Closed, the Book only seems to be a Bag, in the form of a monochrome, orange, yellow, pink or blue paper rectangle, completed by paper handles or strings, to nimbly take hold of to go shopping. But no, absolutely not! The bag is already full. Inside, when it is spread out, as we would open a book, we discover the pages themselves made of paper shopping bags, in different formats and origins, creating a surprise effect like pop-up books. Acquired when making purchases, found in the street or made by the artist (for example, the bags created from calendar pages), the bags are skillfully assembled, sometimes showing a few words that don’t necessarily need to be read, words that are just there, words that in any case, don’t draw our attention to the point of forgetting the book’s materiality… in a Custom Binding practice as the exhibition’s title suggests. And we are clearly situated at the heart of one of the major fields of exploration of the artist’s book, around its visual and tactile, potentially sculptural qualities. What basically is a book? A paper being, with more or less volume, thick, soft, with a cover, colored, recycled, expertly folded, assembled or bound, which creates a link with other things, among which, therefore, the paper shopping bags that proliferate. With this restriction that instead of “things,” we should possibly, following the term used by Vilém Flusser, call the latter “non-things,” a category that the philosopher also calls “stupid stuff,” in the sense that “we believe we are able to scorn them.” Whereas the book remains a “thing,” because it benefits from a certain esteem.  Sara MacKillop’s Book-Bag-Books could consequently be thought of as “things-non-things-things,” each one folded on the other, echoing Barbara Kruger’s strategy; most especially in her poster I Shop Therefore I Am (a sort of “statement-shopping statement,” so to speak).

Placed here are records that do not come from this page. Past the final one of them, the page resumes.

(* Z/nZ is 'I_m.+1 with n = m.+1. *)
Theorem lemma1 (m : nat) (K : fieldType) (V : lmodType K) (br : V -> V -> V)
  (Lg : 'I_m.+1 -> V -> Prop) :
  odd m.+1 ->
  is_lie_bracket br ->
  is_grading br Lg ->
  (forall x, Lg 0 x -> x = 0) ->
  selective_metabelian br Lg ->
  forall a1 a2 a3 a4 b : 'I_m.+1,
  minus1_indep [:: a1; a2; a3] ->
  Dset [:: a1; a2; a3] a4 ->
  ~ Dtilde [:: a1; a2; a3; a4] b ->
  forall x1 x2 x3 x4 xb,
  Lg a1 x1 -> Lg a2 x2 -> Lg a3 x3 -> Lg a4 x4 -> Lg b xb ->
  br (br (br x1 x2) (br x3 x4)) xb = 0.
Proof.
move=> _ lie [_ _ _ _ Lg_br] Lg0 metab a1 a2 a3 a4 b ind123 _ b_notin.
move=> x1 x2 x3 x4 xb L1 L2 L3 L4 Lb.
apply: (br_br12_br34_b_eq0 lie Lg_br Lg0 metab L1 L2 L3 L4 Lb ind123).
by move/subsum_Dtilde; rewrite opprK.
Qed.
(* Let $d\geq 1$. The moduli orders $r_{PP}$, $r_{PN}$, $r_{NP}$, $r_{NN}$ of length $d$ are rigid. More precisely, let $Q$ be a hyperbolic polynomial of degree $d$ with positive leading coefficient, all coefficients nonzero and roots of pairwise distinct moduli. - If $Q$ defines $r_{PN}$ (when $d$ is even) or $r_{NN}$ (when $d$ is odd), then $Q$ defines the sign pattern $\Sigma_+$ of length $d+1$. - If $Q$ defines $r_{NP}$ (when $d$ is even) or $r_{PP}$ (when $d$ is odd), then $Q$ defines the sign pattern $\Sigma_-$ of length $d+1$.
   Context: A hyperbolic polynomial (HP) is a real univariate polynomial all of whose roots are real. The sign pattern (SP) defined by a polynomial $a_dx^d+\dots+a_0$ with $a_d>0$ and all $a_j\neq0$ is $(\mathrm{sgn}(a_d),\mathrm{sgn}(a_{d-1}),\dots,\mathrm{sgn}(a_0))$. A moduli order (MO) of length $d$ is a string of $d$ letters $P$/$N$ separated by $<$. A HP defines the MO obtained by listing the moduli of its roots in increasing order, writing $P$ for a positive root and $N$ for a negative root. A MO is rigid if all HPs (with positive leading coefficient, nonzero coefficients, roots of distinct moduli) defining it define the same SP. The alternating MOs are: $r_{PN}: P<N<P<N<\dots<N$; $r_{PP}: P<N<\dots<P$; $r_{NP}: N<P<\dots<P$; $r_{NN}: N<P<\dots<N$. In each, letters alternate, and the first and last letters are given by the subscripts. The sign pattern $\Sigma_+$ of length $d+1$ is $(+,+,-,-,+,+,-,-,\dots)$. Its entry in position $k$ (for $k=0,\dots,d$, i.e. the sign of the coefficient of $x^{d-k}$) is $+$ if $k\equiv 0,1 \pmod 4$ and $-$ if $k\equiv 2,3\pmod 4$. The sign pattern $\Sigma_-$ of length $d+1$ is $(+,-,-,+,+,-,-,+,\dots)$. Its entry in position $k$ is $+$ if $k\equiv 0,3\pmod 4$ and $-$ if $k\equiv 1,2\pmod 4$. *)

From mathcomp Require Import all_boot all_order all_algebra.
Set Implicit Arguments. Unset Strict Implicit. Unset Printing Implicit Defensive.
Import Order.TTheory GRing.Theory Num.Theory.
Local Open Scope ring_scope.

Section Defs.
Variable R : realFieldType.

(* Hyperbolic polynomial: all roots real, i.e. Q splits into linear
   factors over R. *)
Definition hyperbolic (Q : {poly R}) : Prop :=
  exists s : seq R, Q = lead_coef Q *: \prod_(x <- s) ('X - x%:P).

Definition distinct_moduli (Q : {poly R}) : Prop :=
  exists s : seq R, Q = lead_coef Q *: \prod_(x <- s) ('X - x%:P)
                    /\ uniq [seq `|x| | x <- s].

(* A moduli order is encoded as a seq bool: true = P (positive root),
   false = N (negative root), listed by increasing modulus. *)
Definition defines_MO (Q : {poly R}) (mo : seq bool) : Prop :=
  exists s : seq R, Q = lead_coef Q *: \prod_(x <- s) ('X - x%:P)
    /\ sorted (fun x y => `|x| < `|y|) s
    /\ [seq (0 < x) | x <- s] = mo.

(* A sign pattern is encoded as a seq bool: true = +, false = -,
   listed from the leading coefficient a_d down to a_0. *)
Definition defines_SP (Q : {poly R}) (sp : seq bool) : Prop :=
  [seq (0 < a) | a <- rev (polyseq Q)] = sp.
End Defs.

Definition alt_startP (d : nat) : seq bool := mkseq (fun i => ~~ odd i) d.
Definition alt_startN (d : nat) : seq bool := mkseq (fun i => odd i) d.
(* r_PN (d even) and r_PP (d odd) start with P; r_NP (d even) and
   r_NN (d odd) start with N. *)
Definition r_PN (d : nat) := alt_startP d.
Definition r_PP (d : nat) := alt_startP d.
Definition r_NP (d : nat) := alt_startN d.
Definition r_NN (d : nat) := alt_startN d.

Definition Sigma_plus (d : nat) : seq bool :=
  mkseq (fun k => (k %% 4 == 0)%N || (k %% 4 == 1)%N) d.+1.
Definition Sigma_minus (d : nat) : seq bool :=
  mkseq (fun k => (k %% 4 == 0)%N || (k %% 4 == 3)%N) d.+1.

From mathcomp Require Import all_boot all_order all_algebra.
From mathcomp Require Import zify lra.
Import Order.TTheory GRing.Theory Num.Theory.
Local Open Scope ring_scope.
Set Implicit Arguments. Unset Strict Implicit. Unset Printing Implicit Defensive.

(* Write Q = c * \prod_(x <- s) (X - x), the roots s listed by increasing
   modulus.  Reversing s and negating its entries gives t with
   Q = c * \prod_(u <- t) (X + u), t listed by DECREASING modulus, so that
   by Vieta the coefficient of X^(d-k) is c * e_k(t), e_k the k-th
   elementary symmetric function.  For the four alternating moduli orders
   the entries of t alternate in sign, and then every e_k(t) has the sign
   of its dominant monomial t_0 ... t_(k-1), which we call alt_sign b k
   (b the sign of t_0).  This is proved by induction on t through
   e_k(y :: t) = e_k(t) + y e_(k-1)(t): for even k both summands have the
   same sign, for odd k they have opposite signs and the second dominates
   thanks to the auxiliary bound |e_k(t)| <= |t_0| |e_(k-1)(t)| (k odd),
   carried along the induction.  Finally Sigma_+ and Sigma_- are the sign
   sequences alt_sign true and alt_sign false, and a parity computation
   identifies the sign of the root of largest modulus in each case. *)

Section ElementarySymmetric.
Variable R : comNzRingType.
Implicit Types (y : R) (t : seq R).

Fixpoint esym t (k : nat) : R :=
  match t, k with
  | _, 0%N => 1
  | [::], _.+1 => 0
  | y :: t', k'.+1 => esym t' k + y * esym t' k'
  end.

Lemma esym0 t : esym t 0 = 1.
Proof. by case: t. Qed.

Lemma esym_cons y t k : esym (y :: t) k.+1 = esym t k.+1 + y * esym t k.
Proof. by []. Qed.

Lemma esym_oversize t k : (size t < k)%N -> esym t k = 0.
Proof.
elim: t k => [|y t IH] [|k] //= lt_t_k.
by rewrite !IH ?mulr0 ?addr0 // ltnW.
Qed.

Lemma size_prod_XaddC t : size (\prod_(u <- t) ('X + u%:P)) = (size t).+1.
Proof.
have -> : \prod_(u <- t) ('X + u%:P) = \prod_(u <- t) ('X - (- u)%:P).
  by under [RHS]eq_bigr do rewrite polyCN opprK.
exact: size_prod_XsubC.
Qed.

Lemma coef_prod_XaddC t k : (k <= size t)%N ->
  (\prod_(u <- t) ('X + u%:P))`_(size t - k) = esym t k.
Proof.
elim: t k => [|y t IH] k le_k_t; first by case: k le_k_t => // _; rewrite big_nil coef1.
rewrite big_cons mulrDl coefD coefXM coefCM.
case: k le_k_t => [|k] le_k_t /=.
  rewrite [_`_(size t).+1]nth_default ?size_prod_XaddC // mulr0 addr0.
  by rewrite -[size t]subn0 IH // esym0.
rewrite subSS; case: (ltnP k (size t)) => [lt_k_t|ge_k_t].
  have -> : (size t - k == 0)%N = false by rewrite subn_eq0 leqNgt lt_k_t.
  by rewrite -subnS !IH // ltnW.
have -> : k = size t by apply/eqP; rewrite eqn_leq ge_k_t andbT.
by rewrite subnn eqxx add0r esym_oversize // add0r -(subnn (size t)) IH.
Qed.

End ElementarySymmetric.

(* The sign (true = positive) of a product of k nonzero reals of
   alternating signs, the first one of sign b. *)
Fixpoint alt_sign (b : bool) (k : nat) : bool :=
  if k is k'.+1 then b == alt_sign (~~ b) k' else true.

Lemma alt_signN b k : alt_sign (~~ b) k = odd k (+) alt_sign b k.
Proof.
elim: k b => [|k IH] b //=.
by rewrite negbK IH; case: b; case: (odd k); case: (alt_sign _ k).
Qed.

Lemma alt_signE b k : alt_sign b k =
  if b then (k %% 4 == 0)%N || (k %% 4 == 1)%N else (k %% 4 == 0)%N || (k %% 4 == 3)%N.
Proof.
have -> : alt_sign b k = alt_sign b (k %% 4).
  rewrite {1}(divn_eq k 4); elim: (k %/ 4)%N => [|q IH]; first by rewrite mul0n add0n.
  by rewrite mulSn -addnA /= !negbK IH; case: (b); case: (alt_sign _ _).
by case: (k %% 4)%N (ltn_pmod k (isT : (0 < 4)%N)) => [|[|[|[|r]]]] //; case: b.
Qed.

Lemma Sigma_plusE d : Sigma_plus d = mkseq (alt_sign true) d.+1.
Proof. by apply: eq_mkseq => k; rewrite alt_signE. Qed.

Lemma Sigma_minusE d : Sigma_minus d = mkseq (alt_sign false) d.+1.
Proof. by apply: eq_mkseq => k; rewrite alt_signE. Qed.

Section Signs.
Variable R : realDomainType.
Implicit Types (s b : bool) (x y u v : R) (t : seq R).

Definition has_sign s x := if s then 0 < x else x < 0.
Definition has_wsign s x := if s then 0 <= x else x <= 0.

Lemma has_sign_gt0 s x : has_sign s x -> (0 < x) = s.
Proof. by case: s => //= x_lt0; apply/negbTE; rewrite -leNgt ltW. Qed.

Lemma has_sign_neq0 s x : has_sign s x -> x != 0.
Proof. by case: s => /= [/gt_eqF|/lt_eqF] ->. Qed.

Lemma has_signW s x : has_sign s x -> has_wsign s x.
Proof. by case: s => /= /ltW. Qed.

Lemma has_wsign0 s : has_wsign s 0.
Proof. by case: s => /=. Qed.

Lemma has_sign_opp x : x != 0 -> has_sign (~~ (0 < x)) (- x).
Proof. by case: (ltrgtP x 0) => [x_lt0|x_gt0|->] //=; rewrite ?oppr_gt0 ?oppr_lt0. Qed.

Lemma has_sign_mul s1 s2 x y :
  has_sign s1 x -> has_sign s2 y -> has_sign (s1 == s2) (x * y).
Proof.
case: s1; case: s2 => /= sx sy.
- exact: mulr_gt0.
- by rewrite pmulr_rlt0.
- by rewrite nmulr_rlt0.
- by rewrite nmulr_rgt0.
Qed.

Lemma has_sign_add s u v : has_wsign s u -> has_sign s v -> has_sign s (u + v).
Proof. by case: s => /=; lra. Qed.

Lemma norm_le_add s u v : has_wsign s u -> has_wsign s v -> `|u| <= `|u + v|.
Proof.
case: s => /= su sv; first by rewrite !ger0_norm ?addr_ge0 //; lra.
by rewrite !ler0_norm ?addr_le0 //; lra.
Qed.

Lemma has_sign_add_dominated s u v :
  has_wsign (~~ s) u -> has_sign s v -> `|u| < `|v| ->
  has_sign s (u + v) /\ `|u + v| <= `|v|.
Proof.
case: s => /= su sv.
  by rewrite (ler0_norm su) (gtr0_norm sv) ler_norml => ?; split; lra.
by rewrite (ger0_norm su) (ltr0_norm sv) ler_norml => ?; split; lra.
Qed.

Definition alternates b t := forall i, (i < size t)%N -> has_sign (b (+) odd i) t`_i.

Lemma alternates_cons b y t :
  alternates b (y :: t) -> has_sign b y /\ alternates (~~ b) t.
Proof.
move=> alt_yt; split; first by have := alt_yt 0%N isT; rewrite addbF.
by move=> i lt_i_t; have := alt_yt i.+1 lt_i_t; rewrite /= addbN -addNb.
Qed.

Definition esym_control b t k :=
  has_sign (alt_sign b k) (esym t k) /\
  (odd k -> `|esym t k| <= `|t`_0| * `|esym t k.-1|).

Lemma esym_control0 b t : esym_control b t 0.
Proof. by split=> //; rewrite esym0 /= ltr01. Qed.

Section ConsStep.
Variables (b : bool) (y : R) (t : seq R).
Hypothesis sign_y : has_sign b y.
Hypothesis ctrl_t : forall k, (k <= size t)%N -> esym_control (~~ b) t k.

Lemma norm_esym_le_cons k : ~~ odd k -> (k <= size t)%N ->
  `|esym t k| <= `|esym (y :: t) k|.
Proof.
case: k => [|k] even_k le_k; first by rewrite !esym0.
have [sign_ek1 _] := ctrl_t le_k.
rewrite alt_signN (negbTE even_k) /= in sign_ek1.
have sign_yek := has_sign_mul sign_y (ctrl_t (ltnW le_k)).1.
exact: norm_le_add (has_signW sign_ek1) (has_signW sign_yek).
Qed.

Lemma esym_control_cons : ((0 < size t)%N -> `|t`_0| < `|y|) ->
  forall k, (k <= (size t).+1)%N -> esym_control b (y :: t) k.
Proof.
move=> lt_t0_y [|k] le_k; first exact: esym_control0.
have [sign_ek _] := ctrl_t le_k.
have sign_yek : has_sign (alt_sign b k.+1) (y * esym t k) := has_sign_mul sign_y sign_ek.
have wsign_ek1 : has_wsign (odd k.+1 (+) alt_sign b k.+1) (esym t k.+1).
  rewrite -alt_signN; case: (ltnP k (size t)) => [lt_k_t|ge_k_t].
    exact/has_signW/(ctrl_t lt_k_t).1.
  by rewrite esym_oversize ?has_wsign0.
rewrite /esym_control esym_cons.
case odd_k1: (odd k.+1) wsign_ek1 => /= wsign_ek1; last by split=> //; apply: has_sign_add.
have lt_ek1 : `|esym t k.+1| < `|y * esym t k|.
  rewrite normrM; case: (ltnP k (size t)) => [lt_k_t|ge_k_t].
    apply: le_lt_trans ((ctrl_t lt_k_t).2 odd_k1) _.
    rewrite ltr_pM2r ?normr_gt0 ?(has_sign_neq0 sign_ek) // lt_t0_y //.
    exact: leq_ltn_trans lt_k_t.
  rewrite esym_oversize // normr0.
  by rewrite mulr_gt0 ?normr_gt0 ?(has_sign_neq0 sign_y) ?(has_sign_neq0 sign_ek).
have [sign_sum le_sum] := has_sign_add_dominated wsign_ek1 sign_yek lt_ek1.
split=> // _; apply: le_trans le_sum _; rewrite normrM ler_wpM2l //=.
by apply: norm_esym_le_cons; rewrite // -odd_k1 /= negbK.
Qed.

End ConsStep.

Lemma esym_sign b t : sorted (fun x y => `|y| < `|x|) t -> alternates b t ->
  forall k, (k <= size t)%N -> has_sign (alt_sign b k) (esym t k).
Proof.
suff ctrl : sorted (fun x y => `|y| < `|x|) t -> alternates b t ->
    forall k, (k <= size t)%N -> esym_control b t k.
  by move=> sorted_t alt_t k le_k; have [] := ctrl sorted_t alt_t k le_k.
elim: t b => [|y t IH] b sorted_yt alt_yt k le_k.
  by case: k le_k => // _; apply: esym_control0.
have [sign_y alt_t] := alternates_cons alt_yt.
apply: esym_control_cons sign_y (IH _ (path_sorted sorted_yt) alt_t) _ _ le_k.
by case: t {IH alt_yt alt_t} sorted_yt => //= z t /andP[].
Qed.

End Signs.

Section Polynomials.
Variable R : realFieldType.

Lemma sign_pattern_prod b (c : R) (t : seq R) : 0 < c ->
  sorted (fun x y => `|y| < `|x|) t -> alternates b t ->
  defines_SP (c *: \prod_(u <- t) ('X + u%:P)) (mkseq (alt_sign b) (size t).+1).
Proof.
move=> c_gt0 sorted_t alt_t.
have sQ : size (c *: \prod_(u <- t) ('X + u%:P)) = (size t).+1.
  by rewrite size_scale ?gt_eqF // size_prod_XaddC.
apply: (@eq_from_nth _ false); first by rewrite size_map size_rev sQ size_mkseq.
move=> i; rewrite size_map size_rev sQ => lt_i.
rewrite (nth_map 0) ?size_rev ?sQ // nth_rev ?sQ // nth_mkseq // subSS.
rewrite coefZ coef_prod_XaddC // pmulr_rgt0 //.
exact: has_sign_gt0 (esym_sign sorted_t alt_t _).
Qed.

(* An alternating moduli order, read from the largest modulus down and
   with the roots negated, gives roots of decreasing moduli and
   alternating signs. *)
Lemma alternating_roots (Q : {poly R}) c d :
  size Q = d.+1 -> Q`_0 != 0 -> defines_MO Q (mkseq (fun i => c (+) odd i) d) ->
  exists t : seq R, [/\ Q = lead_coef Q *: \prod_(u <- t) ('X + u%:P), size t = d,
     sorted (fun x y => `|y| < `|x|) t & alternates (~~ c (+) odd d.-1) t].
Proof.
move=> sQ Q0 [s [Qs [sorted_s signs_s]]].
have lc_neq0 : lead_coef Q != 0 by rewrite lead_coef_eq0 -size_poly_gt0 sQ.
have size_s : size s = d.
  have := congr1 (fun p : {poly R} => size p) Qs.
  by rewrite /= size_scale // size_prod_XsubC sQ => -[].
have s_neq0 x : x \in s -> x != 0.
  move=> xs; apply: contraNneq Q0 => x0; rewrite -horner_coef0 Qs hornerZ.
  by move: xs; rewrite x0 -root_prod_XsubC => /eqP->; rewrite mulr0.
exists (map -%R (rev s)); split.
- rewrite {1}Qs big_map big_rev; congr (_ *: _).
  by under [RHS]eq_bigr do rewrite polyCN.
- by rewrite size_map size_rev.
- rewrite sorted_map rev_sorted; apply: sub_sorted sorted_s => x y /=.
  by rewrite !normrN.
move=> i; rewrite size_map size_rev size_s => lt_i.
rewrite (nth_map 0) ?size_rev ?size_s // nth_rev ?size_s //.
have lt_j : (d - i.+1 < d)%N by lia.
have sign_j : (0 < s`_(d - i.+1)) = c (+) odd (d - i.+1).
  have := congr1 (nth false ^~ (d - i.+1)%N) signs_s.
  by rewrite (nth_map 0) ?size_s // nth_mkseq.
have -> : ~~ c (+) odd d.-1 (+) odd i = ~~ (0 < s`_(d - i.+1)).
  rewrite sign_j (_ : (d - i.+1 = d.-1 - i)%N); last by lia.
  rewrite oddB; last by lia.
  by case: (c); case: (odd d.-1); case: (odd i).
by apply/has_sign_opp/s_neq0/mem_nth; rewrite size_s.
Qed.

(* The sign pattern defined by an alternating moduli order of length d
   whose root of largest modulus is positive iff c (+) odd (d - 1). *)
Lemma sign_pattern_alternating_MO (Q : {poly R}) c d :
  size Q = d.+1 -> 0 < lead_coef Q -> Q`_0 != 0 ->
  defines_MO Q (mkseq (fun i => c (+) odd i) d) ->
  defines_SP Q (mkseq (alt_sign (~~ c (+) odd d.-1)) d.+1).
Proof.
move=> sQ lc_gt0 Q0 /(alternating_roots sQ Q0) [t [Qt <- sorted_t alt_t]].
by rewrite [Q in defines_SP Q]Qt; apply: sign_pattern_prod.
Qed.

End Polynomials.

Theorem theorem1p6 (R : realFieldType) (d : nat) (Q : {poly R}) :
  (1 <= d)%N ->
  size Q = d.+1 ->
  0 < lead_coef Q ->
  (forall i : nat, (i <= d)%N -> Q`_i != 0) ->
  hyperbolic Q ->
  distinct_moduli Q ->
  ((if odd d then defines_MO Q (r_NN d) else defines_MO Q (r_PN d)) ->
     defines_SP Q (Sigma_plus d)) /\
  ((if odd d then defines_MO Q (r_PP d) else defines_MO Q (r_NP d)) ->
     defines_SP Q (Sigma_minus d)).
Proof.
move=> d_gt0 sQ lc_gt0 Q_neq0 _ _.
have sign_pattern c := @sign_pattern_alternating_MO R Q c d sQ lc_gt0 (Q_neq0 0%N (leq0n d)).
have odd_pred : odd d.-1 = ~~ odd d.
  by case: d d_gt0 {sQ Q_neq0 sign_pattern} => //= n _; rewrite negbK.
rewrite Sigma_plusE Sigma_minusE /r_NN /r_PN /r_PP /r_NP /alt_startP /alt_startN.
case: (odd d) odd_pred => odd_pred.
  by split=> [/(sign_pattern false)|/(sign_pattern true)]; rewrite odd_pred.
by split=> [/(sign_pattern true)|/(sign_pattern false)]; rewrite odd_pred.
Qed.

A few printings on paper and fabric made from photographs of colored pencils that the artist notably buys in museum gift shops, responds in the exhibition’s hanging to a first series of works. An artistic reminiscence incarnated in a gadget, half-tool, half-accessory, or a new occurrence of Flusser’s “stupid stuff,” these pencils are used to create works that also bite their own tail. Because the pencil is supposed to allow one to draw and make art, but in the present case, the art is already drawn on the pencil. This is how, reworked and digitally repeated, the image of the pencil and its decorative motifs becomes the composition’s motif, in short, a ready-made motif. But if it were only that, it would be too easy, life would be too wonderful. Sara MacKillop recounts that when she worked on her pencil images, she heard a reading of Charlotte Perkins Gilman’s short story The Yellow Wallpaper on the radio. The story recounts the life of a woman locked into a bedroom by her husband. The only thing she wants is a pencil and paper, to write, but he does not allow her to have them. Thus, condemned to do nothing, she observes the motifs of old dilapidated wallpaper until she goes mad. The labyrinth that the repeated images of the pencils trace recalls the space without exits of this wallpaper, a custom binding in the sense this time of shackles, from which one must manage to free oneself.


Vanessa Morisset


1. Sara MacKillop's works very often have a link to paper, in its materiality and its different uses, for example, gift wrap and book jackets.
2. Vilém Flusser, "Choses de mon environnement," in Choses et non-choses. Esquisses phénoménologiques, published in German in 1993, translated into French in 1996, at éditions Jacqueline Chambon.